NCBI has recently added support for XML output to its ASN.1 toolkit. An ASN.1 specification can be automatically rendered into an XML DTD. Data encoded in ASN.1 can automatically be output in XML which will validate against the DTD using standard XML tools. We hope this will make the structured sequence, map, and structure data, as well as the output of tools like BLAST, more accessible to those who wish to work in XML. We are providing XML in two basic modes. Full Data Conversion is the direct mapping of every data field used within NCBI to XML...
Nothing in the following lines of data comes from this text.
(* Let $\mathcal{K}$ be an autonomous 2-category and $\mathcal{E}$ an autonomous monoidal category. For any pair of pseudofunctors $\mathcal{F},\mathcal{G}:Del(\mathcal{E})\to\mathcal{K}$ the weak and strong centers coincide, and the inverse of a left half-braiding is a right half-braiding; that is, $\mathcal{Z}^{w\text{-}ps}_l(\mathcal{F},\mathcal{K},\mathcal{G})=\mathcal{Z}^{s\text{-}ps}_l(\mathcal{F},\mathcal{K},\mathcal{G})\cong\mathcal{Z}^{s\text{-}ps}_r(\mathcal{F},\mathcal{K},\mathcal{G})=\mathcal{Z}^{w\text{-}ps}_r(\mathcal{F},\mathcal{K},\mathcal{G})$, where the isomorphism sends $(M,\sigma)$ to $(M,\sigma^{-1})$.
   Context: A 2-category is autonomous if every 1-cell has a left and a right adjoint; a monoidal category is autonomous if every object has a left and a right dual (equivalently, its delooping is an autonomous 2-category). $Del(\mathcal{E})$ is the one-object bicategory with hom-category $\mathcal{E}$ and horizontal composition $\otimes$; write $\mathcal{F}(X)=\mathcal{F}_{*,*}(X)$. For pseudofunctors $\mathcal{F},\mathcal{G}$ (regarded via their lax structures $\mathcal{F}^2,\mathcal{F}^0$): $\mathcal{Z}^{w\text{-}ps}_l(\mathcal{F},\mathcal{K},\mathcal{G})$ is the category of colax natural transformations $\mathcal{F}\Rightarrow\mathcal{G}$ and modifications, i.e. pairs $(M,\sigma)$ with $M:\mathcal{F}( * )\to\mathcal{G}( * )$ and $\sigma_X:M\circ\mathcal{F}(X)\Rightarrow\mathcal{G}(X)\circ M$ natural in $X$ with $(\mathcal{G}^2_{Y,X}\circ1_M)\cdot(1\circ\sigma_X)\cdot(\sigma_Y\circ1)=\sigma_{Y\otimes X}\cdot(1_M\circ\mathcal{F}^2_{Y,X})$, $\sigma_I\cdot(1_M\circ\mathcal{F}^0)=\mathcal{G}^0\circ1_M$, and morphisms 2-cells $f:M\Rightarrow N$ with $(1\circ f)\cdot\sigma_X=\tau_X\cdot(f\circ1)$. $\mathcal{Z}^{w\text{-}ps}_r(\mathcal{F},\mathcal{K},\mathcal{G})$ is the category of lax natural transformations, i.e. pairs $(M,\tilde\sigma)$ with $\tilde\sigma_X:\mathcal{G}(X)\circ M\Rightarrow M\circ\mathcal{F}(X)$ natural with $\tilde\sigma_{Y\otimes X}\cdot(\mathcal{G}^2_{Y,X}\circ1_M)=(1_M\circ\mathcal{F}^2_{Y,X})\cdot(\tilde\sigma_Y\circ1)\cdot(1\circ\tilde\sigma_X)$, $\tilde\sigma_I\cdot(\mathcal{G}^0\circ1_M)=1_M\circ\mathcal{F}^0$, and morphisms $f$ with $(f\circ1)\cdot\tilde\sigma_X=\tilde\tau_X\cdot(1\circ f)$. The superscript $s$ denotes the full subcategories where the half-braidings $\sigma$ (resp. $\tilde\sigma$) are invertible. *)

Set Implicit Arguments.
Unset Strict Implicit.

(* comp g f = g o f.                                                    *)
Record MonCat := {
  ob :> Type;
  hom : ob -> ob -> Type;
  comp : forall {a b c : ob}, hom b c -> hom a b -> hom a c;
  idm : forall a : ob, hom a a;
  comp_assoc : forall a b c d (h : hom c d) (g : hom b c) (f : hom a b),
      comp h (comp g f) = comp (comp h g) f;
  comp_id_l : forall a b (f : hom a b), comp (idm b) f = f;
  comp_id_r : forall a b (f : hom a b), comp f (idm a) = f;
  tens : ob -> ob -> ob;
  tensm : forall {a a' b b' : ob}, hom a a' -> hom b b' -> hom (tens a b) (tens a' b');
  tensm_id : forall a b, tensm (idm a) (idm b) = idm (tens a b);
  tensm_comp : forall a a' a'' b b' b'' (g : hom a' a'') (f : hom a a')
      (g' : hom b' b'') (f' : hom b b'),
      tensm (comp g f) (comp g' f') = comp (tensm g g') (tensm f f');
  munit : ob;
  massoc : forall a b c, hom (tens (tens a b) c) (tens a (tens b c));
  massoc_inv : forall a b c, hom (tens a (tens b c)) (tens (tens a b) c);
  massoc_iso1 : forall a b c, comp (massoc_inv a b c) (massoc a b c) = idm _;
  massoc_iso2 : forall a b c, comp (massoc a b c) (massoc_inv a b c) = idm _;
  massoc_nat : forall a a' b b' c c' (f : hom a a') (g : hom b b') (h : hom c c'),
      comp (massoc a' b' c') (tensm (tensm f g) h)
      = comp (tensm f (tensm g h)) (massoc a b c);
  mlun : forall a, hom (tens munit a) a;
  mlun_inv : forall a, hom a (tens munit a);
  mlun_iso1 : forall a, comp (mlun_inv a) (mlun a) = idm _;
  mlun_iso2 : forall a, comp (mlun a) (mlun_inv a) = idm _;
  mlun_nat : forall a a' (f : hom a a'),
      comp (mlun a') (tensm (idm munit) f) = comp f (mlun a);
  mrun : forall a, hom (tens a munit) a;
  mrun_inv : forall a, hom a (tens a munit);
  mrun_iso1 : forall a, comp (mrun_inv a) (mrun a) = idm _;
  mrun_iso2 : forall a, comp (mrun a) (mrun_inv a) = idm _;
  mrun_nat : forall a a' (f : hom a a'),
      comp (mrun a') (tensm f (idm munit)) = comp f (mrun a);
  mpentagon : forall a b c d,
      comp (massoc a b (tens c d)) (massoc (tens a b) c d)
      = comp (tensm (idm a) (massoc b c d))
             (comp (massoc a (tens b c) d) (tensm (massoc a b c) (idm d)));
  mtriangle : forall a b,
      comp (tensm (idm a) (mlun b)) (massoc a munit b) = tensm (mrun a) (idm b)
}.

Arguments munit {m}.

(* Bicategories.  vcomp b a = b . a (vertical), hcomp1 g f = g o f,    *)
(* hcomp2 b a = b o a (horizontal composition of 2-cells).             *)
Record Bicat := {
  obK :> Type;
  c1 : obK -> obK -> Type;
  c2 : forall {a b : obK}, c1 a b -> c1 a b -> Type;
  vcomp : forall {a b} {f g h : c1 a b}, c2 g h -> c2 f g -> c2 f h;
  id2 : forall {a b} (f : c1 a b), c2 f f;
  vcomp_assoc : forall a b (f g h k : c1 a b) (z : c2 h k) (y : c2 g h) (x : c2 f g),
      vcomp z (vcomp y x) = vcomp (vcomp z y) x;
  vcomp_id_l : forall a b (f g : c1 a b) (x : c2 f g), vcomp (id2 g) x = x;
  vcomp_id_r : forall a b (f g : c1 a b) (x : c2 f g), vcomp x (id2 f) = x;
  id1 : forall a : obK, c1 a a;
  hcomp1 : forall {a b c : obK}, c1 b c -> c1 a b -> c1 a c;
  hcomp2 : forall {a b c} {g g' : c1 b c} {f f' : c1 a b},
      c2 g g' -> c2 f f' -> c2 (hcomp1 g f) (hcomp1 g' f');
  hcomp2_id : forall a b c (g : c1 b c) (f : c1 a b),
      hcomp2 (id2 g) (id2 f) = id2 (hcomp1 g f);
  interchange : forall a b c (g g' g'' : c1 b c) (f f' f'' : c1 a b)
      (y' : c2 g' g'') (y : c2 g g') (x' : c2 f' f'') (x : c2 f f'),
      hcomp2 (vcomp y' y) (vcomp x' x) = vcomp (hcomp2 y' x') (hcomp2 y x);
  assoc2 : forall {a b c d} (h : c1 c d) (g : c1 b c) (f : c1 a b),
      c2 (hcomp1 (hcomp1 h g) f) (hcomp1 h (hcomp1 g f));
  assoc2_inv : forall {a b c d} (h : c1 c d) (g : c1 b c) (f : c1 a b),
      c2 (hcomp1 h (hcomp1 g f)) (hcomp1 (hcomp1 h g) f);
  assoc2_iso1 : forall a b c d (h : c1 c d) (g : c1 b c) (f : c1 a b),
      vcomp (assoc2_inv h g f) (assoc2 h g f) = id2 _;
  assoc2_iso2 : forall a b c d (h : c1 c d) (g : c1 b c) (f : c1 a b),
      vcomp (assoc2 h g f) (assoc2_inv h g f) = id2 _;
  assoc2_nat : forall a b c d (h h' : c1 c d) (g g' : c1 b c) (f f' : c1 a b)
      (z : c2 h h') (y : c2 g g') (x : c2 f f'),
      vcomp (assoc2 h' g' f') (hcomp2 (hcomp2 z y) x)
      = vcomp (hcomp2 z (hcomp2 y x)) (assoc2 h g f);
  lun2 : forall {a b} (f : c1 a b), c2 (hcomp1 (id1 b) f) f;
  lun2_inv : forall {a b} (f : c1 a b), c2 f (hcomp1 (id1 b) f);
  lun2_iso1 : forall a b (f : c1 a b), vcomp (lun2_inv f) (lun2 f) = id2 _;
  lun2_iso2 : forall a b (f : c1 a b), vcomp (lun2 f) (lun2_inv f) = id2 _;
  lun2_nat : forall a b (f f' : c1 a b) (x : c2 f f'),
      vcomp (lun2 f') (hcomp2 (id2 (id1 b)) x) = vcomp x (lun2 f);
  run2 : forall {a b} (f : c1 a b), c2 (hcomp1 f (id1 a)) f;
  run2_inv : forall {a b} (f : c1 a b), c2 f (hcomp1 f (id1 a));
  run2_iso1 : forall a b (f : c1 a b), vcomp (run2_inv f) (run2 f) = id2 _;
  run2_iso2 : forall a b (f : c1 a b), vcomp (run2 f) (run2_inv f) = id2 _;
  run2_nat : forall a b (f f' : c1 a b) (x : c2 f f'),
      vcomp (run2 f') (hcomp2 x (id2 (id1 a))) = vcomp x (run2 f);
  pentagon2 : forall a b c d e (k : c1 d e) (h : c1 c d) (g : c1 b c) (f : c1 a b),
      vcomp (assoc2 k h (hcomp1 g f)) (assoc2 (hcomp1 k h) g f)
      = vcomp (hcomp2 (id2 k) (assoc2 h g f))
              (vcomp (assoc2 k (hcomp1 h g) f) (hcomp2 (assoc2 k h g) (id2 f)));
  triangle2 : forall a b c (g : c1 b c) (f : c1 a b),
      vcomp (hcomp2 (id2 g) (lun2 f)) (assoc2 g (id1 b) f) = hcomp2 (run2 g) (id2 f)
}.

(* A 2-category = a bicategory whose composition of 1-cells is strictly
   associative and unital, with associator and unitors the identity 2-cells
   (transported along these equalities of 1-cells). *)
Definition idtoiso2 {K : Bicat} {a b : K} {f g : c1 a b} (e : f = g) : c2 f g :=
  match e in _ = g' return c2 f g' with eq_refl => id2 f end.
While the effect of Roles, Scope, and Alternate Forms results in extensive tags in the XML, it does accurately reflect the structure and use of the data. It allows XML programs to capture as little or as much of the full data structure as they wish. And once converted back from XML to structures or classes in a variety of programming languages there is minimal overhead once again. The full NCBI DTD reflects this structure. What is called the NCBI DTD actually only specifies the basic data structures for publications, sequences, maps, alignments, and structures. These same elements are reused in different roles in many services as well, such as BLAST which produces alignments (defined in the NCBI DTD) as well as other elements specific to BLAST. We have not copied all the referenced modules into a DTD for every service as a practical matter, although we can produce XML output from any ASN.1 interface.
References:
- [US] National Center for Biotechnology Information
- Announcement 2002-05-21: "XML Schema for NCBI Data Model."
- NCBI ASN.1 Summary
- NCBI Data in XML [cache, alt URL]
- NCBI XML DTDs. See the ZIP archive or tarball.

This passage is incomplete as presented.